(* Let $\alpha\in(0,1)$, $\beta=1/\alpha$, and $f=f_{M_1}$. Let $(x_n)_{n\ge0}$ be the sequence defined in the context. Then $$x_n=\frac{1}{(\alpha M_0(n)\,n)^{\beta}}+O\Big(\frac{\log n}{n^{1+\beta}}\Big),\qquad\text{where } M_0(n)=\frac1n\sum_{j=1}^nM_1(x_j).$$
   Context: $f_{M_1}(x)=x(1+M_1(x)x^\alpha)$ on $[0,1/2]$, $2x-1$ on $(1/2,1]$, with $M_1(x)=C_0\,2^{-\{c_1^{-1}\log x\}}$ ($\{\cdot\}$ fractional part, $\{x\}=\{-x\}$ for $x<0$), $c_1>0$, and $C_0$ chosen so that $f_{M_1}((1/2)^-)=1$. The discontinuity set in $(0,1/2)$ is $\mathcal C=\{s_\ell=e^{-\ell c_1}:\ell\ge1\}$; at $s_\ell$ the one-sided limits are $f(s_\ell^+)=s_\ell+C_0s_\ell^{1+\alpha}$ and $f(s_\ell^-)=s_\ell+\frac{C_0}2s_\ell^{1+\alpha}$. The sequence $(x_n)$: $x_0=1/2$; given $x_n$, if $x_n\in[f(s_\ell^-),f(s_\ell^+)]$ for some $\ell$ set $x_{n+1}=s_\ell$; otherwise set $x_{n+1}$ to be the unique point of $(0,x_n)$ with $f(x_{n+1})=x_n$. Then $x_n\downarrow0$, $f^k(x_n)\in(0,1/2)$ for $k<n$ and $f^n(x_n)=1/2$ (with one-sided values at discontinuities). Note $M_0(n)\in[C_0/2,C_0]$. *)

From Stdlib Require Import Reals Lra Lia ClassicalEpsilon.
Open Scope R_scope.

(* Fractional part with the paper's convention {x} = {-x} for x < 0. *)
Definition fracs (y : R) : R :=
  if Rlt_dec y 0 then frac_part (- y) else frac_part y.

Definition M1 (c1 C0 : R) (x : R) : R :=
  C0 * Rpower 2 (- fracs (ln x / c1)).

Definition fM1 (alpha c1 C0 : R) (x : R) : R :=
  if Rle_dec x (1/2) then x * (1 + M1 c1 C0 x * Rpower x alpha)
  else 2 * x - 1.

(* discontinuity points s_l = e^{-l c1} and one-sided limits there *)
Definition s_pt (c1 : R) (l : nat) : R := exp (- INR l * c1).
Definition f_plus (alpha c1 C0 : R) (l : nat) : R :=
  s_pt c1 l + C0 * Rpower (s_pt c1 l) (1 + alpha).
Definition f_minus (alpha c1 C0 : R) (l : nat) : R :=
  s_pt c1 l + C0 / 2 * Rpower (s_pt c1 l) (1 + alpha).

Definition in_jump (alpha c1 C0 : R) (x : R) : Prop :=
  exists l : nat, (1 <= l)%nat /\ f_minus alpha c1 C0 l <= x <= f_plus alpha c1 C0 l.

(* One backward step: if x lies in a jump interval [f(s_l^-), f(s_l^+)] go to s_l,
   otherwise take the (unique) preimage of x in (0, x). *)
Definition next_pt (alpha c1 C0 : R) (x : R) : R :=
  epsilon (inhabits 0) (fun y =>
    (exists l : nat, (1 <= l)%nat /\
        f_minus alpha c1 C0 l <= x <= f_plus alpha c1 C0 l /\ y = s_pt c1 l)
    \/ (~ in_jump alpha c1 C0 x /\ 0 < y < x /\ fM1 alpha c1 C0 y = x)).

Fixpoint xseq (alpha c1 C0 : R) (n : nat) : R :=
  match n with
  | O => 1/2
  | S m => next_pt alpha c1 C0 (xseq alpha c1 C0 m)
  end.

Definition M0 (alpha c1 C0 : R) (n : nat) : R :=
  / INR n * sum_f_R0 (fun j => M1 c1 C0 (xseq alpha c1 C0 (S j))) (pred n).

From Stdlib Require Import Reals Ranalysis5 Lra Lia Classical ClassicalEpsilon.
From Coquelicot Require Import Coquelicot.
Open Scope R_scope.

(* With u_n = x_n^(-alpha), a backward step x_n = x_(n+1) (1 + m x_(n+1)^alpha) with
   m in [C0/2, C0] changes u by alpha m + O(x_(n+1)^alpha).  Here m = M1(x_(n+1)) unless
   x_(n+1) is a discontinuity point s_l, and the orbit meets at most O(log n) of those
   among x_1, ..., x_n since x_n >= n^(-1/alpha) up to a constant.  As u_n grows linearly,
   sum_(j <= n) x_j^alpha = O(log n), so u_n = alpha n M0(n) + O(log n); inverting
   t |-> t^(-1/alpha) at scale n gives the error term O(log n / n^(1 + 1/alpha)). *)

Lemma Rpower_gt0 x p : 0 < Rpower x p.
Proof. apply exp_pos. Qed.

Lemma Rpower_base1 p : Rpower 1 p = 1.
Proof. unfold Rpower; rewrite ln_1, Rmult_0_r; apply exp_0. Qed.

Lemma Rpower_le1 x p : 0 < x <= 1 -> 0 <= p -> Rpower x p <= 1.
Proof.
  intros Hx Hp. rewrite <- (Rpower_base1 p). apply Rle_Rpower_l; lra.
Qed.

Lemma Rpower_opp_le1 x p : 1 <= x -> 0 <= p -> Rpower x (- p) <= 1.
Proof.
  intros Hx Hp. rewrite <- (Rpower_O x) by lra. apply Rle_Rpower; lra.
Qed.

Lemma Rpower_opp_antitone q a b : 0 <= q -> 0 < a <= b -> Rpower b (- q) <= Rpower a (- q).
Proof.
  intros Hq Hab. rewrite !Rpower_Ropp.
  apply Rinv_le_contravar; [apply Rpower_gt0 | apply Rle_Rpower_l; lra].
Qed.

Lemma Rpower_opp_mvt q a b : 0 < a -> a < b ->
  exists xi, a < xi < b /\
    Rpower b (- q) - Rpower a (- q) = - q * Rpower xi (- q - 1) * (b - a).
Proof.
  intros Ha Hab.
  destruct (MVT_cor2 (fun x => Rpower x (- q)) (fun x => - q * Rpower x (- q - 1)) a b Hab)
    as [c [Hc1 Hc2]].
  - intros c Hc. apply derivable_pt_lim_power. lra.
  - exists c; split; [lra | rewrite Hc1; ring].
Qed.

Lemma Rpower_opp_bernoulli p s : 0 < p -> 1 <= s -> 1 - p * (s - 1) <= Rpower s (- p).
Proof.
  intros Hp Hs. destruct (Req_dec s 1) as [-> | Hs1].
  { rewrite Rpower_base1. lra. }
  destruct (Rpower_opp_mvt p 1 s) as [xi [Hxi Heq]]; try lra.
  rewrite Rpower_base1 in Heq.
  assert (Hr : Rpower xi (- p - 1) <= 1).
  { replace (- p - 1) with (- (p + 1)) by ring. apply Rpower_opp_le1; lra. }
  assert (p * (s - 1) * Rpower xi (- p - 1) <= p * (s - 1)).
  { rewrite <- (Rmult_1_r (p * (s - 1))) at 2. apply Rmult_le_compat_l; nra. }
  lra.
Qed.

Lemma Rpower_opp_lipschitz_lt q a b c : 0 < q -> 0 < c -> c <= a -> a < b ->
  Rabs (Rpower b (- q) - Rpower a (- q)) <= q * Rpower c (- q - 1) * Rabs (b - a).
Proof.
  intros Hq Hc Ha Hab.
  destruct (Rpower_opp_mvt q a b ltac:(lra) Hab) as [xi [Hxi ->]].
  rewrite !Rabs_mult, Rabs_Ropp, (Rabs_pos_eq q), (Rabs_pos_eq (Rpower xi _))
    by (try left; try apply Rpower_gt0; lra).
  apply Rmult_le_compat_r; [apply Rabs_pos |].
  apply Rmult_le_compat_l; [lra |].
  replace (- q - 1) with (- (q + 1)) by ring. apply Rpower_opp_antitone; lra.
Qed.

Lemma Rpower_opp_lipschitz q a b c : 0 < q -> 0 < c -> c <= a -> c <= b ->
  Rabs (Rpower b (- q) - Rpower a (- q)) <= q * Rpower c (- q - 1) * Rabs (b - a).
Proof.
  intros Hq Hc Ha Hb. destruct (Rtotal_order a b) as [h | [-> | h]].
  - now apply Rpower_opp_lipschitz_lt.
  - rewrite !Rminus_diag, Rabs_R0. pose proof (Rpower_gt0 c (- q - 1)). nra.
  - rewrite Rabs_minus_sym, (Rabs_minus_sym b a). now apply Rpower_opp_lipschitz_lt.
Qed.

Lemma Rpower_opp_involutive x a : 0 < x -> 0 < a ->
  Rpower (Rpower x (- a)) (- (1 / a)) = x.
Proof.
  intros Hx Ha. rewrite Rpower_mult.
  replace (- a * - (1 / a)) with 1 by (field; lra). now apply Rpower_1.
Qed.

Lemma ln_le x y : 0 < x -> x <= y -> ln x <= ln y.
Proof.
  intros Hx [Hxy | ->]; [left; now apply ln_increasing | lra].
Qed.

Lemma ln_INR_ge1 n : (3 <= n)%nat -> 1 <= ln (INR n).
Proof.
  intros Hn. rewrite <- (ln_exp 1). apply ln_le; [apply exp_pos |].
  apply Rle_trans with 3; [apply exp_le_3 |].
  replace 3 with (INR 3) by (simpl; ring). now apply le_INR.
Qed.

Lemma ln_ge_1_sub_inv z : 0 < z -> 1 - / z <= ln z.
Proof.
  intros Hz. pose proof (exp_ineq1_le (- ln z)) as H.
  rewrite exp_Ropp, exp_ln in H by lra. lra.
Qed.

○ ○ ○ ○ ○

Taking the entries above, restate exactly those lines that fall between the line with "else 2 * x - 1." and the line with "exists l : nat, (1 <= l)%nat /\ f_minus", keeping both of those lines too.

  else 2 * x - 1.

(* discontinuity points s_l = e^{-l c1} and one-sided limits there *)
Definition s_pt (c1 : R) (l : nat) : R := exp (- INR l * c1).
Definition f_plus (alpha c1 C0 : R) (l : nat) : R :=
  s_pt c1 l + C0 * Rpower (s_pt c1 l) (1 + alpha).
Definition f_minus (alpha c1 C0 : R) (l : nat) : R :=
  s_pt c1 l + C0 / 2 * Rpower (s_pt c1 l) (1 + alpha).

Definition in_jump (alpha c1 C0 : R) (x : R) : Prop :=
  exists l : nat, (1 <= l)%nat /\ f_minus alpha c1 C0 l <= x <= f_plus alpha c1 C0 l.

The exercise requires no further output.